Yes. But may I interrupt. A good start to convincing others…an “expert” opinion to be offered during an interview to be couched in pious, humble yet “professional” terms. I like my doctors to diagnose without seeing all the lab results or radiological studies…and then offer understandings that are quasi-solutions.”
Exactly the kind of “thinking” we should take seriously…because it was Benedict Groeschel…or if that’s not enough by referencing von Balthazar? Why not reference St. John of the Cross who had more to say than von Balthazar about these topics and who is I believe a Doctor of the Church? Why reference the Trinity here?
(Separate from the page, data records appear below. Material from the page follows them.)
(* Let $I=\{a,b,c,d,e\}$ and $X=I^{\mathbb N_0}$ with the metric $\rho(x,y)=0$ if $x=y$ and $\rho(x,y)=\frac1{i+1}$ where $i=\min\{j:x_j\ne y_j\}$ otherwise. Let $\sigma$ be the shift $\sigma(x_0,x_1,\dots)=(x_1,x_2,\dots)$. Let $U=\{0,1,2,3\}$ and define $F_0=\sigma^2$, $F_1=\sigma^3$, $F_2\equiv b^\infty$ (constant map), and $F_3(x)=(ab)^\infty$ if $x_0=b$, $F_3(x)=b^\infty$ otherwise. Consider the control system $x_{n+1}=F_{u_n}(x_n)$ and let $Q\subset X$ be the set of all sequences that are infinite concatenations $w_0w_1w_2\cdots$ of words $w_i\in\{ab,\,cde\}$. Then $Q$ is (compact and) equi-invariant in the mean, but not finitely equi-invariant.
   Context: For $\omega=(\omega_0,\omega_1,\dots)\in\mathscr U=U^{\mathbb N_0}$ and $x\in X$: $\phi(0,x,\omega)=x$, $\phi(k,x,\omega)=F_{\omega_{k-1}}\circ\cdots\circ F_{\omega_0}(x)$. $d(y,Q)=\inf_{q\in Q}\rho(y,q)$, $B_\varepsilon(Q)=\{y:d(y,Q)<\varepsilon\}$, $B(x,\delta)$ open ball, $\mathbb N=\{1,2,\dots\}$. A point $x\in Q$ is a finitely equi-invariant point of $Q$ if for every $\varepsilon>0$ there exist $\delta>0$ and a finite set $F\subset\mathscr U$ such that for every $y\in B(x,\delta)\cap Q$ there is $\omega\in F$ with $\phi(k,y,\omega)\in B_\varepsilon(Q)$ for all $k\in\mathbb N_0$. It is an equi-invariant point in the mean of $Q$ if for every $\varepsilon>0$ there exist $\delta>0$ and $\omega\in\mathscr U$ such that $\frac1n\sum_{i=0}^{n-1}d(\phi(i,y,\omega),Q)<\varepsilon$ for all $n\in\mathbb N$ and all $y\in B(x,\delta)\cap Q$. $Q$ has one of these properties if all its points do. *)

From HB Require Import structures.
From mathcomp Require Import all_boot all_order all_algebra.
From mathcomp Require Import all_classical all_reals.
Set Implicit Arguments. Unset Strict Implicit. Unset Printing Implicit Defensive.
Import Order.TTheory GRing.Theory Num.Theory.
Local Open Scope classical_set_scope.
Local Open Scope ring_scope.

Fixpoint phi (X U : Type) (F : U -> X -> X) (k : nat) (x : X) (w : nat -> U) : X :=
  match k with
  | 0%N => x
  | k'.+1 => F (w k') (phi F k' x w)
  end.

Section General.
Context (R : realType) (X U : Type) (rho : X -> X -> R) (F : U -> X -> X).

Definition dist (y : X) (Q : set X) : R := inf [set rho y q | q in Q].

Definition nbhdQ (eps : R) (Q : set X) : set X := [set y | dist y Q < eps].

Definition oball (x : X) (delta : R) : set X := [set y | rho x y < delta].

Definition finitely_equi_invariant_point (Q : set X) (x : X) : Prop :=
  Q x /\
  forall eps : R, 0 < eps ->
    exists delta : R, 0 < delta /\
    exists Fs : set (nat -> U), finite_set Fs /\
      forall y, oball x delta y -> Q y ->
        exists w, Fs w /\ forall k : nat, nbhdQ eps Q (phi F k y w).

Definition equi_invariant_in_mean_point (Q : set X) (x : X) : Prop :=
  Q x /\
  forall eps : R, 0 < eps ->
    exists delta : R, 0 < delta /\
    exists w : nat -> U,
      forall (n : nat) (y : X), (1 <= n)%N -> oball x delta y -> Q y ->
        (n%:R)^-1 * (\sum_(i < n) dist (phi F i y w) Q) < eps.

Definition finitely_equi_invariant (Q : set X) : Prop :=
  forall x, Q x -> finitely_equi_invariant_point Q x.

Definition equi_invariant_in_mean (Q : set X) : Prop :=
  forall x, Q x -> equi_invariant_in_mean_point Q x.

Definition rho_open (O : set X) : Prop :=
  forall x, O x -> exists r : R, 0 < r /\ oball x r `<=` O.

Definition rho_compact (Q : set X) : Prop :=
  forall C : set (set X), (forall O, C O -> rho_open O) ->
    Q `<=` \bigcup_(O in C) O ->
    exists D : set (set X), [/\ D `<=` C, finite_set D & Q `<=` \bigcup_(O in D) O].

End General.

Inductive I5 : Type := a | b | c | d | e.

Definition Xs : Type := nat -> I5.

(* index of first difference (only meaningful when x <> y) *)
Definition first_diff (x y : Xs) : nat :=
  xget 0%N [set i | x i <> y i /\ forall j, (j < i)%N -> x j = y j].

Definition rhoX (R : realType) (x y : Xs) : R :=
  if pselect (x = y) then 0 else ((first_diff x y).+1%:R)^-1.

Definition shift (x : Xs) : Xs := fun n => x n.+1.

Definition const_b : Xs := fun _ => b.
Definition ab_inf : Xs := fun n => if odd n then b else a.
A summary/conclusion beyond criticism?
Groeschel had a fault, a habit of talking too much above and beyond his scope of practice really yet still enthusiastically with a kind of overconfidence, a stand up comic one moment then utterly humble “religious” quality, very NY, even playing to the audience at times…not just during that “declining” period before his retirement. I met him twice, in NY and NJ and heard him speak. But his books exhibit some of that same conflation between a description and a diagnosis where he provides the answer (in contrast to the “other” Franciscans still unreformed?…though his own reform group subdivided). He was inclined by nature to say more, to speculate (which is an illness within the practice of psychology itself)….as he did in that unfortunate interview in 2012 that was cited in a New York Times article…referencing seductive “youngsters” (14-18 years old, including even close to “canonical” ages) and asserting that he was “inclined to think” first offenders had “no intention of committing a crime” and should not be jailed (How about getting shuffled around the Archdiocese and country along with a prescription for Holy Hours?) This was blamed on the effects of aging, disease process and the effects of a car accident in 2004. But it sounds more like an excerpt from a chat in a conference room at the Chancery vs… his required apology for “lack of clarity.” His statement was perfectly clear. And his statement about Medjugorje? Yes indeed, “no deep research” claimed…sadly, through the many many good years and graced good works and homilies Groeschel never heard an “expert” say “I do not know and I cannot say now” or seemingly so.
2019. NOT the case with Medjugorje. Except…maybe if it can all be repackaged…
Yes, another chance for Bergoglio to “get it right” (for those who consider confusion and nonsense and “process” an accomplishment) and value “discernment” where there is NOTHING to “discern.”
Life without details.
The best part? Bergoglio reverses what Benedict did with regards to Medjugorje and figures it all out ahead of time in a nice politically repackaged with a bow on top basket! Nice!
How frequently a “simple” temptation itself starts out with a “good” (a positive, a pleasure) but somewhere in the middle or even only at the very end does it go off the rails and land you in Hell’s path…and it may or not be reveal that the “good” at the beginning came from the Evil One.
In some minds, the absence of demonic pattern/activity might indicate Christ is not present…but is this a comprehensive view, a reliable spiritual litmus test or simply another attempt to dress up “no deep research” as a positive takeaway and an insight on some allegedly higher level?
Wow! Is it really that complex? Nothing is impossible for God!